Phyllis Wheatley YWCA—Washington, D.C. (pictured above)

The oldest YWCA (Young Women’s Christian Association) building in the nation’s capital sits just a few blocks south of Howard University, whose Founders Library is a National Treasure of the National Trust. Washington’s chapter of the YWCA was organized in 1905 by several African American women who shared membership in a booklover’s club. They held their first meetings in the old Miner Institution Building before their present Colonial Revival-style headquarters could be constructed in 1920, financed in part with funds appropriated by the national YWCA’s War Work Council.

Since then, the chapter has been a powerful, positive force in the city despite receiving much less financial support from its parent organization in its earliest years than white YWCAs. Its members provided shelter and food for African American women newly arrived in Washington from the South seeking employment. In 1923, it protested a U.S. Senate-approved statue that would have glorified the “Mammy” caricature of enslaved African Americans, and helped prevent its construction. Later, it functioned as a recreational and entertainment space during World War II for African American soldiers barred from entering United Service Organizations locations.

Fanny Jackson Coppin Club—Oakland, California

Named in honor of the first African American woman to become a school principal, the Fanny Jackson Coppin Club was founded in 1899 by members of the Beth Eden Baptist Church. Its priority was to provide African American travelers who could not stay at segregated hotels welcoming places to spend a night (a kindred spirit with Victor Hugo Green, author of the Negro Motorist Green Book which included 60 YWCA's). But in keeping with its motto—“Not failure, but low aim is the crime”—and its namesake’s impact as an educator, the club introduced services that benefitted more members of the community, such as tutoring for students and musical performances featuring artists like world-renowned tenor Roland Hayes.

The exterior of the Beth Eden Baptist Church.

photo by: Swedg/Flickr/CC BY-NC 2.0

Beth Eden Baptist Church, the oldest African American religious establishment in Oakland, was established in 1889.

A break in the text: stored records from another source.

(* Let $T$ be a decomposition tree of a distance-hereditary graph $G$, and let $v$ be an internal node of $T$ labeled $\otimes$ with left child $v_l$ and right child $v_r$, such that property (P) holds at $v_l$ and at $v_r$. Then $\hat\gamma_0(v)=\min\{\hat\gamma_i(v_l)+\hat\gamma_i(v_r) : 0\le i\le \min\{|\hat{TS}(v_l)|,|\hat{TS}(v_r)|\}\}$.
   Context: All graphs are finite, simple, undirected. For a graph $H$ and $S\subseteq V(H)$, $N_H[S]$ is $S$ together with all vertices adjacent to a vertex of $S$, and $H[S]$ is the induced subgraph. Graphs carry a ''twin set'': a single-vertex graph on $x$ has twin set $\{x\}$. For vertex-disjoint graphs $G_l,G_r$ with twin sets $TS(G_l),TS(G_r)$: the true twin operation $G_l\otimes G_r$ has vertex set $V(G_l)\cup V(G_r)$, edge set $E(G_l)\cup E(G_r)\cup\{uw: u\in TS(G_l), w\in TS(G_r)\}$ and twin set $TS(G_l)\cup TS(G_r)$; the false twin operation $G_l\odot G_r$ has vertex set $V(G_l)\cup V(G_r)$, edge set $E(G_l)\cup E(G_r)$, twin set $TS(G_l)\cup TS(G_r)$; the attachment operation $G_l\oplus G_r$ has the same vertex and edge sets as $G_l\otimes G_r$ and twin set $TS(G_l)$. A decomposition tree $T$ of $G$ is a rooted binary tree whose leaves are in bijection with $V(G)$, each internal node having a left and a right child and a label in $\{\otimes,\odot,\oplus\}$; for each node $v$ define $\hat G(v)$ and $\hat{TS}(v)$ recursively: for a leaf $x$, the single-vertex graph on $x$ with twin set $\{x\}$; for an internal node $v$ with label $\circ$ and children $v_l,v_r$, $\hat G(v)=\hat G(v_l)\circ\hat G(v_r)$ with the corresponding twin set; one requires $\hat G(\text{root})=G$. Then $\hat G(v)$ is the subgraph of $G$ induced by the set $\hat V(v)$ of leaves below $v$. For a node $u$ and $0\le k\le|\hat{TS}(u)|$, call $S\subseteq\hat V(u)$ $k$-feasible if $\hat V(u)\setminus\hat{TS}(u)\subseteq N_{\hat G(u)}[S]$ and there is $X\subseteq S\cap\hat{TS}(u)$ with $|X|=k$ such that $\hat G(u)[S\setminus X]$ has a perfect matching. $\hat\gamma_k(u)$ is the minimum size of a $k$-feasible set. $\hat{min}(u)=\min\{\hat\gamma_k(u):0\le k\le|\hat{TS}(u)|\}$, and $\hat\alpha(u)$, $\hat\beta(u)$ are the smallest and the largest $k$ with $\hat\gamma_k(u)=\hat{min}(u)$. Property (P) holds at $u$ if for every $0\le k\le|\hat{TS}(u)|$: $\hat\gamma_k(u)=\hat{min}(u)+\hat\alpha(u)-k$ when $k\le\hat\alpha(u)$; $\hat\gamma_k(u)=\hat{min}(u)+k-\hat\beta(u)$ when $k\ge\hat\beta(u)$; $\hat\gamma_k(u)=\hat{min}(u)$ when $\hat\alpha(u)<k<\hat\beta(u)$ and $k-\hat\alpha(u)$ is even; and $\hat\gamma_k(u)=\hat{min}(u)+1$ otherwise. *)

From mathcomp Require Import all_boot.
Set Implicit Arguments. Unset Strict Implicit. Unset Printing Implicit Defensive.
(* If $C=(C_{i,j})$ is an $m\times n$ evolutionary stable (ES) configuration with $m,n>2$, then $C_{m-1,2}=C_{m-1,n-1}=0$.
   Context: An $m\times n$ configuration is a $0$-$1$ matrix $C=(C_{i,j})$, $1\le i\le m$, $1\le j\le n$; $C_{i,j}=1$ means lot $(i,j)$ is occupied by a house. Row $1$ is the northernmost, row $m$ the southernmost; column $1$ westernmost, column $n$ easternmost. A house at $(i,j)$ is blocked from sunlight if the three lots $(i,j-1)$, $(i,j+1)$, $(i+1,j)$ all lie inside the grid and are all occupied (lots outside the grid never obstruct sunlight). $C$ is permissible if no house is blocked, and maximal if it is permissible and setting any single empty lot to $1$ yields a non-permissible configuration. A maximal configuration is resistant to predators if, for every empty lot, putting a house on it results in that new house being blocked; it is resistant to altruists if, for every empty lot, putting a house on it results in some other (already existing) house being blocked. An ES configuration is a maximal configuration resistant to both predators and altruists. *)

From mathcomp Require Import all_boot.
Set Implicit Arguments. Unset Strict Implicit. Unset Printing Implicit Defensive.

(* An m x n configuration is a 0-1 matrix, represented as a function
   C : nat -> nat -> bool with 1-based indices; only entries with
   1 <= i <= m, 1 <= j <= n are ever consulted (true = house). *)
Definition config := nat -> nat -> bool.

Definition in_grid (m n i j : nat) : bool := (1 <= i <= m) && (1 <= j <= n).

Definition blocked (m n : nat) (C : config) (i j : nat) : bool :=
  [&& C i j, in_grid m n i (j - 1) && (1 < j), in_grid m n i (j + 1),
      in_grid m n (i + 1) j, C i (j - 1), C i (j + 1) & C (i + 1) j].

Definition permissible (m n : nat) (C : config) : Prop :=
  forall i j, in_grid m n i j -> ~~ blocked m n C i j.

Definition add_house (C : config) (a b : nat) : config :=
  fun i j => if (i == a) && (j == b) then true else C i j.

Definition maximal (m n : nat) (C : config) : Prop :=
  permissible m n C /\
  forall a b, in_grid m n a b -> C a b = false ->
    ~ permissible m n (add_house C a b).

Definition resistant_to_predators (m n : nat) (C : config) : Prop :=
  maximal m n C /\
  forall a b, in_grid m n a b -> C a b = false ->
    blocked m n (add_house C a b) a b.

Definition resistant_to_altruists (m n : nat) (C : config) : Prop :=
  maximal m n C /\
  forall a b, in_grid m n a b -> C a b = false ->
    exists i j, [/\ in_grid m n i j, (i, j) <> (a, b), C i j &
                    blocked m n (add_house C a b) i j].

Definition ES (m n : nat) (C : config) : Prop :=
  maximal m n C /\ resistant_to_predators m n C /\ resistant_to_altruists m n C.

From HB Require Import structures.
From mathcomp Require Import all_boot zify.
Set Implicit Arguments. Unset Strict Implicit. Unset Printing Implicit Defensive.
(* For all real numbers $a,b$ with $-1\le a<1$ and $0<b<1$, $$\int_0^\infty\frac{\sinh(bt)}{\cosh(t)-a}\,\mathrm{d}t>-\frac{2b}{1+a}\log\Big(\frac12(1-a)\Big).$$ *)

From HB Require Import structures.
From mathcomp Require Import all_boot all_order all_algebra.
From mathcomp Require Import all_classical all_reals all_analysis.
Set Implicit Arguments. Unset Strict Implicit. Unset Printing Implicit Defensive.
Import Order.TTheory GRing.Theory Num.Theory.
Local Open Scope ring_scope.

Definition sinhR {R : realType} (x : R) : R := (expR x - expR (- x)) / 2.
Definition coshR {R : realType} (x : R) : R := (expR x + expR (- x)) / 2.

(* right-hand side  -(2b/(1+a)) log((1-a)/2); at a = -1 (where the formula is
   0/0) it is given its continuous extension, namely b. *)
Definition rhsC1 {R : realType} (a b : R) : R :=
  if a == -1 then b else - (2 * b / (1 + a)) * ln ((1 - a) / 2).

From HB Require Import structures.
From mathcomp Require Import all_boot all_order all_algebra.
From mathcomp Require Import all_classical all_reals all_analysis.
From mathcomp Require Import measurable_realfun ring lra.
Import numFieldNormedType.Exports.
Import Order.TTheory GRing.Theory Num.Theory.
Local Open Scope classical_set_scope.
Local Open Scope ring_scope.

(* Put f t := sinh (b t) / (cosh t - a).  Since sinh t / (cosh t + 1) = tanh (t / 2)
   <= t / 2 and sinh x >= x + x^3 / 6, the function
     g t := 2 b sinh t / ((cosh t - a) (cosh t + 1))
   satisfies f t - g t >= (b t)^3 / (6 (cosh t - a)) >= 0 on [0, +oo[.  The minorant g
   has the elementary primitive (2 b / (1 + a)) ln ((cosh t - a) / (cosh t + 1)), or
   -2 b / (cosh t + 1) when a = -1, so its integral is exactly the right-hand side; the
   inequality is strict because f - g is bounded below by a positive constant on [1, 2]. *)

Lemma is_derive_ext {R : numFieldType} {V W : normedModType R} (f g : V -> W)
    (x v : V) (df dg : W) :
  is_derive x v f df -> f =1 g -> df = dg -> is_derive x v g dg.
Proof. by move=> ? /funext <- <-. Qed.

Section real_functions.
Context {R : realType}.
Implicit Types (f g u F : R -> R) (c l : R).

Lemma derivable_continuous f : (forall x, derivable f x 1) -> continuous f.
Proof. by move=> fD x; exact/differentiable_continuous/derivable1_diffP. Qed.

Lemma continuous_divr f g : continuous f -> continuous g -> (forall x, g x != 0) ->
  continuous (fun x => f x / g x).
Proof. by move=> cf cg g_neq0 x; apply: continuousM (cf x) (continuousV (g_neq0 x) (cg x)). Qed.

Lemma is_derive_ln_comp u x du : 0 < u x -> is_derive x 1 u du ->
  is_derive x 1 (fun y => ln (u y)) (du / u x).
Proof.
move=> ux_gt0 uD.
apply: is_derive_ext (is_derive1_comp (is_derive1_ln ux_gt0) uD) _ _ => //.
by rewrite mulrC.
Qed.

Lemma ger0_is_derive_ndecry {f} {df : R -> R} {c} :
  (forall x : R, is_derive x 1 f (df x)) -> (forall x, c <= x -> 0 <= df x) ->
  forall x y, c <= x -> x <= y -> f x <= f y.
Proof.
move=> fD df_ge0; apply: ger0_derive1_ndecry.
- by [].
- by move=> x; rewrite in_itv/= andbT => /ltW cx; rewrite derive1E derive_val df_ge0.
- by apply/continuous_subspaceT/derivable_continuous.
Qed.

Lemma ge0_is_derive_FTC2y {f F c l} :
  (forall x, c <= x -> 0 <= f x) -> continuous f ->
  F x @[x --> +oo] --> l -> (forall x : R, is_derive x 1 F (f x)) ->
  (\int[lebesgue_measure]_(x in `[c, +oo[) (f x)%:E = l%:E - (F c)%:E)%E.
Proof.
move=> f_ge0 cf Fl FD; apply: ge0_continuous_FTC2y => //.
- exact: continuous_subspaceT.
- by apply/cvg_at_right_filter/derivable_continuous.
- by move=> x _; rewrite derive1E derive_val.
Qed.

Lemma continuous_measurable_funS (D : set R) f :
  measurable D -> continuous f -> measurable_fun D f.
Proof. by move=> mD /continuous_measurable_fun; apply: measurable_funS. Qed.

End real_functions.

Lemma integralZl_indic_subset d (T : measurableType d) (R : realType)
    (mu : {measure set T -> \bar R}) (D A : set T) (c : R) :
  measurable D -> measurable A -> A `<=` D -> 0 <= c ->
  (\int[mu]_(x in D) (c * \1_A x)%:E = c%:E * mu A)%E.
Proof.
move=> mD mA AD c_ge0.
rewrite (@integralZl_indic _ _ _ mu D mD (fun=> A)) //; last by rewrite ltNge c_ge0.
by rewrite integral_indic // setIidl.
Qed.

Section hyperbolic.
Context {R : realType}.
Implicit Types x y : R.

Global Instance is_derive_sinhR x : is_derive x 1 sinhR (coshR x).
Proof. by rewrite /sinhR; apply: is_derive_eq; rewrite /coshR /GRing.scale /=; field. Qed.

Global Instance is_derive_coshR x : is_derive x 1 coshR (sinhR x).
Proof. by rewrite /coshR; apply: is_derive_eq; rewrite /sinhR /GRing.scale /=; field. Qed.

Lemma sinhR0 : sinhR 0 = 0 :> R.
Proof. by rewrite /sinhR oppr0 subrr mul0r. Qed.

Lemma coshR0 : coshR 0 = 1 :> R.
Proof. by rewrite /coshR oppr0 expR0 -[1 + 1]/2 divff. Qed.

Lemma coshR_ge1 x : 1 <= coshR x.
Proof. by rewrite /coshR; have := expR_ge1Dx x; have := expR_ge1Dx (- x); lra. Qed.

Lemma coshR_le_expR x : 0 <= x -> coshR x <= expR x.
Proof.
move=> x_ge0; have : expR (- x) <= expR x by rewrite ler_expR; lra.
rewrite /coshR; lra.
Qed.

Lemma sinhR_ge_id x : 0 <= x -> x <= sinhR x.
Proof.
move=> x_ge0.
have dp_ge0 y : 0 <= y -> 0 <= coshR y - 1 by rewrite subr_ge0 coshR_ge1.
have pD y : is_derive y 1 (fun z => sinhR z - z) (coshR y - 1) by apply: is_derive_eq.
by have := ger0_is_derive_ndecry pD dp_ge0 _ _ (lexx 0) x_ge0; rewrite sinhR0 subr0 subr_ge0.
Qed.

Lemma coshR_ge_sqr x : 0 <= x -> 1 + x ^+ 2 / 2 <= coshR x.
Proof.
move=> x_ge0.
have dp_ge0 y : 0 <= y -> 0 <= sinhR y - y by rewrite subr_ge0 => /sinhR_ge_id.
have pD y : is_derive y 1 (fun z => coshR z - 1 - z ^+ 2 / 2) (sinhR y - y).
  by apply: is_derive_eq; rewrite /GRing.scale /=; field.
have := ger0_is_derive_ndecry pD dp_ge0 _ _ (lexx 0) x_ge0.
rewrite coshR0 expr0n /=; lra.
Qed.

Lemma sinhR_ge_cube x : 0 <= x -> x + x ^+ 3 / 6 <= sinhR x.
Proof.
move=> x_ge0.
have dp_ge0 y : 0 <= y -> 0 <= coshR y - 1 - y ^+ 2 / 2 by move/coshR_ge_sqr; lra.
have pD y : is_derive y 1 (fun z => sinhR z - z - z ^+ 3 / 6) (coshR y - 1 - y ^+ 2 / 2).
  by apply: is_derive_eq; rewrite /GRing.scale /=; field.
have := ger0_is_derive_ndecry pD dp_ge0 _ _ (lexx 0) x_ge0.
rewrite sinhR0 expr0n /=; lra.
Qed.

Lemma coshR_le_mul_sinhR x : 0 <= x -> coshR x <= 1 + x * sinhR x.
Proof.
move=> x_ge0.
have dp_ge0 y : 0 <= y -> 0 <= y * coshR y.
  by move=> y_ge0; rewrite mulr_ge0 // (le_trans ler01 (coshR_ge1 y)).
have pD y : is_derive y 1 (fun z => 1 - coshR z + z * sinhR z) (y * coshR y).
  by apply: is_derive_eq; rewrite /GRing.scale /=; field.
have := ger0_is_derive_ndecry pD dp_ge0 _ _ (lexx 0) x_ge0.
rewrite coshR0 mul0r; lra.
Qed.

Lemma sinhR_div_coshRD1_le x : 0 <= x -> sinhR x / (coshR x + 1) <= x / 2.
Proof.
move=> x_ge0.
have dp_ge0 y : 0 <= y -> 0 <= 1 - coshR y + y * sinhR y by move/coshR_le_mul_sinhR; lra.
have pD y : is_derive y 1 (fun z => z * (coshR z + 1) - 2 * sinhR z)
    (1 - coshR y + y * sinhR y).
  by apply: is_derive_eq; rewrite /GRing.scale /=; field.
have := ger0_is_derive_ndecry pD dp_ge0 _ _ (lexx 0) x_ge0.
rewrite sinhR0 mul0r mulr0 subr0 => p_ge0.
by rewrite ler_pdivrMr; have := coshR_ge1 x; lra.
Qed.

Lemma coshR_ge_id x : x <= coshR x.
Proof.
have [x_le0|x_gt0] := leP x 0; first by have := coshR_ge1 x; lra.
have := coshR_ge_sqr x (ltW x_gt0); have := sqr_ge0 (x - 1); nra.
Qed.

Lemma inv_coshRD1_cvg0 : (coshR x + 1)^-1 @[x --> +oo] --> (0 : R).
Proof.
apply/gtr0_cvgV0; first by apply: nearW => x; have := coshR_ge1 x; lra.
apply: (ger_cvgy (f := id)); last exact: cvg_id.
by apply: nearW => x; have := coshR_ge_id x; lra.
Qed.

End hyperbolic.

Section minorant.
Context {R : realType}.
Implicit Types a b t : R.

Definition minorant a b t := 2 * b * sinhR t / ((coshR t - a) * (coshR t + 1)).

Lemma coshR_subr_gt0 {a} t : a < 1 -> 0 < coshR t - a.
Proof. by move=> a_lt1; have := coshR_ge1 t; lra. Qed.

Lemma coshRD1_gt0 t : 0 < coshR t + 1.
Proof. by have := coshR_ge1 t; lra. Qed.

Lemma minorant_ge0 a b t : a < 1 -> 0 <= b -> 0 <= t -> 0 <= minorant a b t.
Proof.
move=> a_lt1 b_ge0 t_ge0; apply: divr_ge0.
  by apply: mulr_ge0; [exact: mulr_ge0 | exact: le_trans t_ge0 (sinhR_ge_id t t_ge0)].
by apply: mulr_ge0; apply: ltW; [exact: coshR_subr_gt0 | exact: coshRD1_gt0].
Qed.

Lemma continuous_minorant a b : a < 1 -> continuous (minorant a b).
Proof.
move=> a_lt1; apply: continuous_divr => [x|x|x].
- exact: derivable_continuous.
- exact: derivable_continuous.
- by rewrite mulf_neq0 // gt_eqF ?coshR_subr_gt0 ?coshRD1_gt0.
Qed.

Lemma integral_minorant_gtN1 a b : -1 < a -> a < 1 -> 0 <= b ->
  (\int[lebesgue_measure]_(t in `[0%R, +oo[) (minorant a b t)%:E =
    (- (2 * b / (1 + a)) * ln ((1 - a) / 2))%:E)%E.
Proof.
move=> a_gtN1 a_lt1 b_ge0.
have a1_neq0 : 1 + a != 0 by rewrite gt_eqF //; lra.
pose F t := 2 * b / (1 + a) * ln (1 - (1 + a) / (coshR t + 1)).
have FE t : F t = 2 * b / (1 + a) * (ln (coshR t - a) - ln (coshR t + 1)).
  have := coshR_subr_gt0 t a_lt1; have := coshRD1_gt0 t => pos1 pos2.
  by rewrite -ln_div ?posrE // /F; congr (_ * ln _); field; rewrite gt_eqF.
have FD t : is_derive t 1 F (minorant a b t).
  have := coshR_subr_gt0 t a_lt1; have := coshRD1_gt0 t => pos1 pos2.
  have lnD1 : is_derive t 1 (fun y => ln (coshR y - a)) (sinhR t / (coshR t - a)).
    by apply: is_derive_ln_comp => //; apply: is_derive_eq; rewrite subr0.
  have lnD2 : is_derive t 1 (fun y => ln (coshR y + 1)) (sinhR t / (coshR t + 1)).
    by apply: is_derive_ln_comp => //; apply: is_derive_eq; rewrite addr0.
  apply: is_derive_ext (is_deriveZ (2 * b / (1 + a)) (is_deriveB lnD1 lnD2)) _ _.
    by move=> y; rewrite FE.
  by rewrite /minorant /GRing.scale /=; field; rewrite a1_neq0 !gt_eqF.
have F_cvg0 : F t @[t --> +oo] --> (0 : R).
  have inner : 1 - (1 + a) / (coshR t + 1) @[t --> +oo] --> (1 : R).
    rewrite -[X in _ --> X]subr0 -(mulr0 (1 + a)).
    exact: cvgB (cvg_cst _) (cvgMl_tmp inv_coshRD1_cvg0).
  rewrite -(mulr0 (2 * b / (1 + a))) -ln1; apply: cvgMl_tmp.
  exact: continuous_cvg (continuous_ln ltr01) inner.
rewrite (ge0_is_derive_FTC2y (fun t => minorant_ge0 a b t a_lt1 b_ge0)
  (continuous_minorant a b a_lt1) F_cvg0 FD).
by rewrite /F coshR0 -EFinB add0r -mulNr; congr (_ * ln _)%:E; field.
Qed.

Lemma integral_minorantN1 b : 0 <= b ->
  (\int[lebesgue_measure]_(t in `[0%R, +oo[) (minorant (-1) b t)%:E = b%:E)%E.
Proof.
move=> b_ge0.
have N1_lt1 : -1 < 1 :> R by lra.
pose F t := - (2 * b) * (coshR t + 1)^-1.
have FD t : is_derive t 1 F (minorant (-1) b t).
  have cD : is_derive t 1 (fun y => coshR y + 1) (sinhR t).
    by apply: is_derive_eq; rewrite addr0.
  have VD := is_deriveV (f := fun y => coshR y + 1) (lt0r_neq0 (coshRD1_gt0 t)) cD.
  apply: is_derive_ext (is_deriveZ (- (2 * b)) VD) _ _.
    by move=> y.
  by rewrite /minorant /GRing.scale /=; field; rewrite gt_eqF ?coshRD1_gt0.
have F_cvg0 : F t @[t --> +oo] --> (0 : R).
  by rewrite -(mulr0 (- (2 * b))); exact: cvgMl_tmp inv_coshRD1_cvg0.
rewrite (ge0_is_derive_FTC2y (fun t => minorant_ge0 (-1) b t N1_lt1 b_ge0)
  (continuous_minorant (-1) b N1_lt1) F_cvg0 FD).
by rewrite /F coshR0 -EFinB; congr EFin; field.
Qed.

Lemma integral_minorant a b : -1 <= a -> a < 1 -> 0 <= b ->
  (\int[lebesgue_measure]_(t in `[0%R, +oo[) (minorant a b t)%:E = (rhsC1 a b)%:E)%E.
Proof.
rewrite le_eqVlt => /predU1P[<-|a_gtN1] a_lt1 b_ge0; rewrite /rhsC1.
  by rewrite eqxx integral_minorantN1.
by rewrite gt_eqF // integral_minorant_gtN1.
Qed.

Lemma minorant_gap a b t : a < 1 -> 0 <= b -> 0 <= t ->
  minorant a b t + (b * t) ^+ 3 / 6 / (coshR t - a) <= sinhR (b * t) / (coshR t - a).
Proof.
move=> a_lt1 b_ge0 t_ge0.
have tanh_le := ler_wpM2l b_ge0 (sinhR_div_coshRD1_le t t_ge0).
have cube_le := sinhR_ge_cube (b * t) (mulr_ge0 b_ge0 t_ge0).
have -> : minorant a b t = 2 * b * (sinhR t / (coshR t + 1)) / (coshR t - a).
  by rewrite /minorant; field; rewrite !gt_eqF ?coshRD1_gt0 ?coshR_subr_gt0.
rewrite -mulrDl ler_pM2r ?invr_gt0 ?coshR_subr_gt0 //; lra.
Qed.

(* On [[1, 2]], [(b t)^3 >= b^3] and [cosh t - a <= e^2 + 1]. *)
Definition bump_height b := b ^+ 3 / 6 / (expR 2 + 1).

Lemma bump_height_gt0 b : 0 < b -> 0 < bump_height b.
Proof. by move=> b_gt0; rewrite !divr_gt0 ?exprn_gt0 // addr_gt0 ?expR_gt0. Qed.

Lemma minorant_bump_le a b t : -1 <= a -> a < 1 -> 0 <= b -> 0 <= t ->
  minorant a b t + bump_height b * \1_`[1, 2] t <= sinhR (b * t) / (coshR t - a).
Proof.
move=> a_geN1 a_lt1 b_ge0 t_ge0.
apply: le_trans (minorant_gap a b t a_lt1 b_ge0 t_ge0); rewrite lerD2l indicE.
have den_gt0 := coshR_subr_gt0 t a_lt1.
have [t_in|_] := boolP (t \in `[1, 2]%classic); last first.
  by rewrite mulr0 !divr_ge0 ?exprn_ge0 ?mulr_ge0 // ltW.
move: t_in; rewrite mulr1 inE /= in_itv /= => /andP[t_ge1 t_le2].
have cube_ge : b ^+ 3 / 6 <= (b * t) ^+ 3 / 6.
  by rewrite ler_pM2r // exprMn ler_peMr ?exprn_ge0 // exprn_ege1.
have den_le : coshR t - a <= expR 2 + 1.
  have := coshR_le_expR t t_ge0; have : expR t <= expR 2 by rewrite ler_expR.
  lra.
apply: ler_pM => //; first by rewrite divr_ge0 ?exprn_ge0.
by rewrite lef_pV2 ?posrE // addr_gt0 ?expR_gt0.
Qed.

Lemma integral_minorant_bump a b : -1 <= a -> a < 1 -> 0 < b ->
  (\int[lebesgue_measure]_(t in `[0%R, +oo[)
      (minorant a b t + bump_height b * \1_`[1, 2] t)%:E
   = (rhsC1 a b + bump_height b)%:E)%E.
Proof.
move=> a_geN1 a_lt1 b_gt0.
have b_ge0 := ltW b_gt0; have bump_ge0 := ltW (bump_height_gt0 b b_gt0).
have itv12_sub : `[1, 2] `<=` (`[0, +oo[ : set R).
  by move=> x /=; rewrite !in_itv /= => /andP[x_ge1 _]; rewrite (le_trans ler01).
have itv12_len : (@lebesgue_measure R `[1%R, 2%R]%classic = 1%:E)%E.
  by rewrite lebesgue_measure_itv /= lte_fin ltr1n -EFinB; congr EFin; lra.
under eq_integral do rewrite EFinD.
rewrite ge0_integralD //.
- rewrite integral_minorant // integralZl_indic_subset // EFinD; congr (_ + _)%E.
  by rewrite -[RHS]mule1; congr (_ * _)%E; exact: itv12_len.
- by move=> t /=; rewrite in_itv /= andbT lee_fin => /(minorant_ge0 a b t a_lt1 b_ge0).
- apply/measurable_EFinP; apply: continuous_measurable_funS => //.
  exact: continuous_minorant.
- by move=> t _; rewrite lee_fin mulr_ge0 // indicE.
- by apply/measurable_EFinP; apply: measurable_funM => //; exact: measurable_indic.
Qed.

End minorant.

Theorem lemmaC1 (R : realType) (a b : R) :
  -1 <= a -> a < 1 -> 0 < b -> b < 1 ->
  ((rhsC1 a b)%:E <
   \int[@lebesgue_measure R]_(t in `[0%R, +oo[%classic)
      (sinhR (b * t) / (coshR t - a))%:E)%E.
Proof.
move=> a_geN1 a_lt1 b_gt0 _.
have b_ge0 := ltW b_gt0.
apply: (@lt_le_trans _ _ (rhsC1 a b + bump_height b)%:E).
  by rewrite lte_fin ltrDl bump_height_gt0.
rewrite -integral_minorant_bump //; apply: ge0_le_integral => //.
- move=> t /=; rewrite in_itv /= andbT lee_fin => t_ge0.
  by rewrite addr_ge0 ?minorant_ge0 // mulr_ge0 ?indicE // ltW ?bump_height_gt0.
- apply/measurable_EFinP; apply: measurable_funD.
    by apply: continuous_measurable_funS => //; exact: continuous_minorant.
  by apply: measurable_funM => //; exact: measurable_indic.
- apply/measurable_EFinP; apply: continuous_measurable_funS => //.
  apply: continuous_divr => [x|x|x]; try exact: derivable_continuous.
  by rewrite gt_eqF ?coshR_subr_gt0.
- move=> t /=; rewrite in_itv /= andbT lee_fin => t_ge0.
  exact: minorant_bump_le.
Qed.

As author and academic historian Shirley Ann Wilson Moore writes, the club was “part of the ongoing African American struggle to address an array of social and economic community needs and to challenge the barriers of segregation and sexism.” It helped spur the development of African American women’s clubs across California in the ensuing years, and remains an influential local organization today.


The leaders of the Detroit Study Club.

photo by: Detroit Study Club

The leaders of the Detroit Study Club. Clockwise from top left: president Deborah Bledsoe Ford, Linda Williams-Bowie, Cynthia Long, and Terees Western.

The Detroit Study Club's display case.

photo by: Detroit Study Club

The Detroit Study Club's display case at the main branch of the Detroit Public Library.

Detroit Study Club—Detroit

The Detroit Study Club began modestly in 1898, when six learned African American women gathered at the home of music teacher Gabrielle Pelham to read works by British poet Robert Browning and further educate themselves on cultural and social issues of the time. Soon the scope of the club’s meetings expanded, and not just in terms of its reading list.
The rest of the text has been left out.